*** Opening INFORMATION SUPPLIED ***

Lemma improve_by_unique_swap s w : ~~ unique_entry L w (s w) ->
  n < unique_in_row L w + unique_in_col L (s w) -> exists s', potential s < potential s'.
Proof.
move=> nw big.
pose A := s @^-1: [set q | unique_entry L w q].
pose B := [set v | unique_entry L v (s w)].
have [v] : exists v, v \in A :&: B.
  have cA : #|A| = unique_in_row L w by rewrite card_preimset //; apply: perm_inj.
  have cB : #|B| = unique_in_col L (s w) by [].
  apply/card_gt0P; have := subset_leq_card (subsetT (A :|: B)); rewrite cardsT card_ord.
  move: (cardsUI A B) big; rewrite cA cB.
  move: #|A :|: B| #|A :&: B| (unique_in_row L w) (unique_in_col L (s w)) => a b c d; lia.
rewrite !inE => /andP [uwv uvw].
have wv : w != v by apply: contraNneq nw => wv; rewrite {2}wv.
set s' := (tperm w v * s)%g.
have sw_sv : s w != s v by rewrite (inj_eq perm_inj).
have sv_sw : s v != s w by rewrite eq_sym.
have [sub _] := swap_distinct wv (unique_entry_fresh uwv sw_sv)
  (unique_entry_fresh uvw sv_sw) (unique_entry_neq _ uvw wv).
exists s'; apply: potential_lt_unique => //; apply/properP; split; last first.
  by exists w; rewrite !inE // permM tpermL.
apply/subsetP => x; rewrite !inE /s' permM.
by case: tpermP => [->|->|] //; rewrite (negbTE nw).
Qed.

Lemma card_diag_hits s (F : 'I_n -> T) : injective F ->
  (forall v w, L w (s w) = F v -> ~~ unique_entry L w (s w)) ->
  #|[set v | [exists w, L w (s w) == F v]]| <= #|~: unique_set s|.
Proof.
move=> F_inj hit_nonunique; set H := [set v | _].
pose hitter v := odflt v [pick w | L w (s w) == F v].
have hitterP v : v \in H -> L (hitter v) (s (hitter v)) = F v.
  by rewrite inE /hitter => /existsP [w0 hw0]; case: pickP => [w /eqP //|/(_ w0)]; rewrite hw0.
rewrite -(card_in_imset (f := hitter)); last first.
  by move=> x y xH yH E; apply: F_inj; rewrite -(hitterP _ xH) -(hitterP _ yH) E.
apply/subset_leq_card/subsetP => _ /imsetP [v vH ->].
by rewrite !inE; apply: (hit_nonunique v); apply: hitterP.
Qed.

Lemma card_col_hits s u : ~~ unique_entry L u (s u) ->
  #|[set v | [exists w, L w (s w) == L v (s u)]]| <= #|~: unique_set s|.
Proof.
move=> nu; apply: card_diag_hits => [x y /L_col_inj //|v w E].
have [wv|vw] := eqVneq v w; first by move: E; rewrite -wv => /L_row_inj /perm_inj ->.
by apply/negP => uw; move: (unique_entry_neq (s u) uw vw); rewrite E eqxx.
Qed.

Lemma card_row_hits s u : ~~ unique_entry L u (s u) ->
  #|[set v | [exists w, L w (s w) == L u (s v)]]| <= #|~: unique_set s|.
Proof.
move=> nu; apply: card_diag_hits => [x y /L_row_inj /perm_inj //|v w E].
have [<- //|uw] := eqVneq u w.
by apply/negP => uw'; move: (unique_entry_neq (s v) uw' uw); rewrite E eqxx.
Qed.

Lemma improve_by_row s u : ~~ distinct_at s u ->
  #|~: unique_set s| < unique_in_row L u -> exists s', potential s < potential s'.
Proof.
move=> nu few; have nuu := distinct_atN_unique nu.
pose A := s @^-1: [set q | unique_entry L u q].
have cA : #|A| = unique_in_row L u by rewrite card_preimset //; apply: perm_inj.
have [v] := exists_notin (leq_ltn_trans (card_col_hits nuu) (leq_trans few (eq_leq (esym cA)))).
rewrite !inE negb_exists => uuv /forallP fresh_v.
have uv : u != v by apply: contraNneq nuu => uv; rewrite {2}uv.
apply: (swap_improves nu uv) => //.
  by apply: (unique_entry_fresh uuv); rewrite (inj_eq perm_inj).
by rewrite eq_sym (unique_entry_neq _ uuv) // eq_sym.
Qed.

Lemma improve_by_col s u : ~~ distinct_at s u ->
  #|~: unique_set s| < unique_in_col L (s u) -> exists s', potential s < potential s'.
Proof.
move=> nu few; have nuu := distinct_atN_unique nu.
have [v] := exists_notin (leq_ltn_trans (card_row_hits nuu) few).
rewrite !inE negb_exists => uvu /forallP fresh_u.
have uv : u != v by apply: contraNneq nuu => uv; rewrite {1}uv.
apply: (swap_improves nu uv) => //.
  by apply: (unique_entry_fresh uvu); rewrite (inj_eq perm_inj) eq_sym.
exact: unique_entry_neq uvu uv.
Qed.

*** Closing INFORMATION SUPPLIED ***

● **YOUR OBJECTIVE**
Each line of the material that has the word "pose" belongs in the answer.

● **THE ANSWER**
pose A := s @^-1: [set q | unique_entry L w q].
pose B := [set v | unique_entry L v (s w)].
pose hitter v := odflt v [pick w | L w (s w) == F v].
pose A := s @^-1: [set q | unique_entry L u q].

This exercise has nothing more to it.